Proximity Search* Starting from a connected component, find the horizontal bounding box of the connected component and expand the component to the entire rectangle. When the distance from this region to the nearest neighboring region is less than a certain range, consider dilating this rectangle. The direction of dilation is the direction of the nearest neighbor.

Since proximity is involved, we need a definition of distance. Below is a reasonable definition of distance.

Distance

Figure 14: Two sample regions
Figure 14: Two sample regions

As shown in the figure above, a rectangular region can be determined by the top-left coordinate $(x,y)$ and the bottom-right coordinate $(z,w)$, where the coordinates are calculated with the top-left corner as the origin. The center of this region is $\left(\frac{x+w}{2}, \frac{y+z}{2}\right)$. For the two regions $S$ and $S'$ in the figure, we can calculate the difference between their center vectors: $$(x_c,y_c)=\left(\frac{x'+w'}{2}-\frac{x+w}{2},\frac{y'+z'}{2}-\frac{y+z}{2}\right)\tag{10}$$ It is unreasonable to directly use $\sqrt{x_c^2+y_c^2}$ as the distance because "proximity" here should be calculated according to the boundaries rather than the center points. Therefore, we need to subtract the length of the regions: $$(x'_c,y'_c)=\left(x_c-\frac{w-x}{2}-\frac{w'-x'}{2},y_c-\frac{z-y}{2}-\frac{z'-y'}{2}\right)\tag{11}$$ The distance is defined as: $$d(S,S')=\sqrt{[\max(x'_c,0)]^2+[\max(y'_c,0)]^2}\tag{12}$$ As for the direction, it can be determined by the argument (angle) of $(x_c,y_c)$.

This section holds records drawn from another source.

Variables (q0 : 'I_(2 ^ s)) (f : 'I_(2 ^ s) -> 'I_n -> 'I_(2 ^ s)) (o : 'I_(2 ^ s) -> R).

Lemma det_alg_valid : valid_alg (det_alg q0 f o).
Proof. by split => [|q i]; apply: point_distr_is_distr. Qed.

Lemma run_det_alg sigma : run (det_alg q0 f o) sigma = point_distr (foldl f q0 sigma).
Proof.
rewrite /run /=; elim: sigma q0 => [|i sigma IH] q //=.
rewrite -IH; congr foldl; apply/ffunP => q'; rewrite !ffunE.
rewrite (bigD1 q) //= !ffunE eqxx mul1r big1 ?addr0 // => x /negbTE x_neq.
by rewrite ffunE x_neq mul0r.
Qed.

Lemma success_prob_det_alg eps sigma :
  let E := o (foldl f q0 sigma) in
  (1 - eps) * (F0 sigma)%:R <= E <= (1 + eps) * (F0 sigma)%:R ->
  success_prob (det_alg q0 f o) eps sigma = 1.
Proof.
move=> E E_ok; rewrite /success_prob run_det_alg big_mkcond /=.
rewrite (bigD1 (foldl f q0 sigma)) //= E_ok ffunE eqxx big1 ?addr0 // => x /negbTE x_neq.
by rewrite ffunE x_neq; case: ifP.
Qed.

End Deterministic.

Section MisraGriesAlgorithm.
Variables (R : realFieldType) (n k M : nat) (x0 : 'I_n).

Definition mg_encode (t : mg_state n) : 'I_(2 ^ mg_bits n k M) :=
  encode_bits (card_mg_code_le k M (leq_ltn_trans (leq0n _) (ltn_ord x0))) (mg_pack k M x0 t).

Definition mg_decode (q : 'I_(2 ^ mg_bits n k M)) : mg_state n :=
  mg_unpack (decode_bits (mg_pack k M x0 (mg_init n)) q).

Definition mg_alg : stream_alg R n (mg_bits n k M) :=
  det_alg (mg_encode (mg_init n)) (fun q y => mg_encode (mg_step k (mg_decode q) y))
    (fun q => (mg_estimate (mg_decode q))%:R).
(* Let $q$ be a prime power and $\ell$ an odd prime with $\gcd(\ell,q)=1$, and let $m$ be a positive integer. Assume $f=\mathrm{ord}_\ell(q)$ is odd. Let $g$ be a fixed generator of the cyclic group $\mathbb Z_{\ell^m}^*$. For $1\le r\le m$ let $\lambda(r)=\mathrm{ord}_{\ell^r}(q)$ and $\delta(r)=\phi(\ell^r)/\lambda(r)$, where $\phi$ is Euler's function. Then the sets $C_0=\{0\}$, $$C_{\ell^{m-r}g^k}=\{\ell^{m-r}g^k,\ell^{m-r}g^kq,\dots,\ell^{m-r}g^kq^{\lambda(r)-1}\},\qquad C_{-\ell^{m-r}g^k}=\{-\ell^{m-r}g^k,-\ell^{m-r}g^kq,\dots,-\ell^{m-r}g^kq^{\lambda(r)-1}\},$$ for $1\le r\le m$ and $0\le k\le\frac{\delta(r)}{2}-1$ (elements taken modulo $\ell^m$), are pairwise distinct and constitute all the distinct $q$-cyclotomic cosets modulo $\ell^m$.
   Context: The $q$-cyclotomic coset of an integer $t$ modulo $\ell^m$ is $C_t=\{tq^i \bmod \ell^m: i\ge0\}$. *)

From mathcomp Require Import all_boot all_order all_algebra.
Set Implicit Arguments. Unset Strict Implicit. Unset Printing Implicit Defensive.
Import GRing.Theory.
Local Open Scope ring_scope.

Definition is_prime_power (q : nat) : Prop :=
  exists p k : nat, prime p /\ (0 < k)%N /\ q = (p ^ k)%N.

(* Multiplicative order of a modulo n: the least k >= 1 with a^k = 1 (mod n).
   (For coprime a, n >= 1 such k exists and is <= n, so the search over
   1..n finds it; for non-coprime a the value is irrelevant.) *)
Definition ordmod (n a : nat) : nat :=
  (find (fun k => a ^ k.+1 == 1 %[mod n]) (iota 0 n)).+1.
Section CoherentConsensus.
Variables (R : realType) (n nd : nat) (W : 'I_n -> 'I_n -> 'M[R]_nd).
Variables (lp : nat) (sigma : 'I_n -> 'I_lp) (S : 'I_lp -> 'I_lp -> 'M[R]_nd).
Variables (y : R -> 'I_n -> 'cV[R]_nd) (u : 'I_n).
Hypothesis nd_gt0 : (0 < nd)%N.
Hypothesis W_sym : forall i j, W i j = (W j i)^T.
Hypothesis W_conn : connected_graph W.
Hypothesis W_coh : coherent W.
Hypothesis Rt_loop : forall i, edge W i i -> Rt W i i = 1%:M.
Hypothesis S_part : part_trans W sigma S.
Hypothesis y_sol : consensus_solution W y.

Let E i := S (sigma u) (sigma i).

Lemma transformed_consensus_derive i l (t : R) : 0 < t ->
  is_derive t 1 (fun s => (E i *m y s i) l 0)
    (\sum_k wgt W i k * ((E k *m y t k) l 0 - (E i *m y t i) l 0)).
Proof.
move=> t_gt0; apply: is_derive_eq (is_derive_mulmx_entry _ _ (y_sol.1 i t t_gt0)) _.
rewrite mulmx_sumr summxE; apply: eq_bigr => k _; rewrite -scalemxAr mxE.
have [->|w_neq0] := eqVneq (wgt W i k) 0; first by rewrite !mul0r.
have ik : edge W i k by move: w_neq0; rewrite wgt_eq0 ?negbK.
by rewrite /E mulmxBr mulmxA (part_trans_edge W_conn W_coh Rt_loop S_part) // !mxE.
Qed.

Lemma transformed_consensus j :
  E j *m y t j @[t --> +oo] --> n%:R^-1 *: \sum_i E i *m y 0 i.
Proof.
apply/cvg_mxP => l z; rewrite [z]ord1 mxE summxE.
apply: (@consensus_scalar _ _ (wgt W) (fun i t => (E i *m y t i) l 0)).
- exact: leq_ltn_trans (ltn_ord j).
- exact: wgt_sym.
- exact: wgt_ge0.
- move=> v v'; apply: connect_sub (W_conn v v') => i k ik.
  by apply: connect1; rewrite wgt_gt0.
- by move=> i t; apply: transformed_consensus_derive.
- by move=> i; apply: (cvg_mxP _ _).1; apply: cvg_mulmxl; exact: y_sol.2.
Qed.

End CoherentConsensus.

Theorem proposition3 (R : realType) (n nd : nat) (W : 'I_n -> 'I_n -> 'M[R]_nd)
  (Wsym : forall i j, W i j = (W j i)^T)
  (Gconn : connected_graph W)
  (Gcoh : coherent W)
  (lp : nat) (sigma : 'I_n -> 'I_lp.+1) (S : 'I_lp.+1 -> 'I_lp.+1 -> 'M[R]_nd)
  (Hpart : coherent_partition W sigma)
  (HS : part_trans W sigma S)
  (y : R -> 'I_n -> 'cV[R]_nd)
  (Hy : consensus_solution W y) :
  let ybar := \sum_(i < n) S ord0 (sigma i) *m y 0 i in
  forall j : 'I_n,
    y t j @[t --> +oo] --> (n%:R)^-1 *: (S (sigma j) ord0 *m ybar).
Proof.
move=> ybar j; have [nd0|nd_gt0] := posnP nd.
  by subst nd; apply: cvg_near_cst; near=> t; rewrite [LHS]flatmx0 [RHS]flatmx0.
(* Only two properties of the partition are needed: [V_1] is nonempty, and
   self-loops, being edges inside a part, have transformation I. *)
have [part_surj Rt_loop _ _] := Hpart.
have {}Rt_loop i : edge W i i -> Rt W i i = 1%:M by move=> ii; exact: Rt_loop.
have [u u0] := part_surj ord0; rewrite /ybar -u0.
have y_eq t : y t j = S (sigma j) (sigma u) *m (S (sigma u) (sigma j) *m y t j).
  by rewrite mulmxA (part_trans_mulV Gconn Gcoh Rt_loop HS) mul1mx.
under eq_cvg do rewrite y_eq.
by rewrite scalemxAr; apply: cvg_mulmxl; exact: transformed_consensus.
Unshelve. all: by end_near. Qed.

However, according to the previous "Proximity Search*" method, it is easy to stick the upper and lower lines of text together. Therefore, based on our horizontal layout assumption, a better method is to only allow horizontal dilation:

Proximity Search Starting from a connected component, find the horizontal bounding box of the connected component and expand the component to the entire rectangle. When the distance from this region to the nearest neighboring region is less than a certain range, consider dilating this rectangle. The direction of dilation is the direction of the nearest neighbor, and the dilation is executed if and only if that direction is horizontal.

Results

With the distance defined, we can calculate the distance between every two connected components and find the nearest neighbor for each region. We expand each region towards the direction of its nearest neighbor by one-fourth of its size. In this way, neighboring regions may merge into a new region, thereby integrating fragments.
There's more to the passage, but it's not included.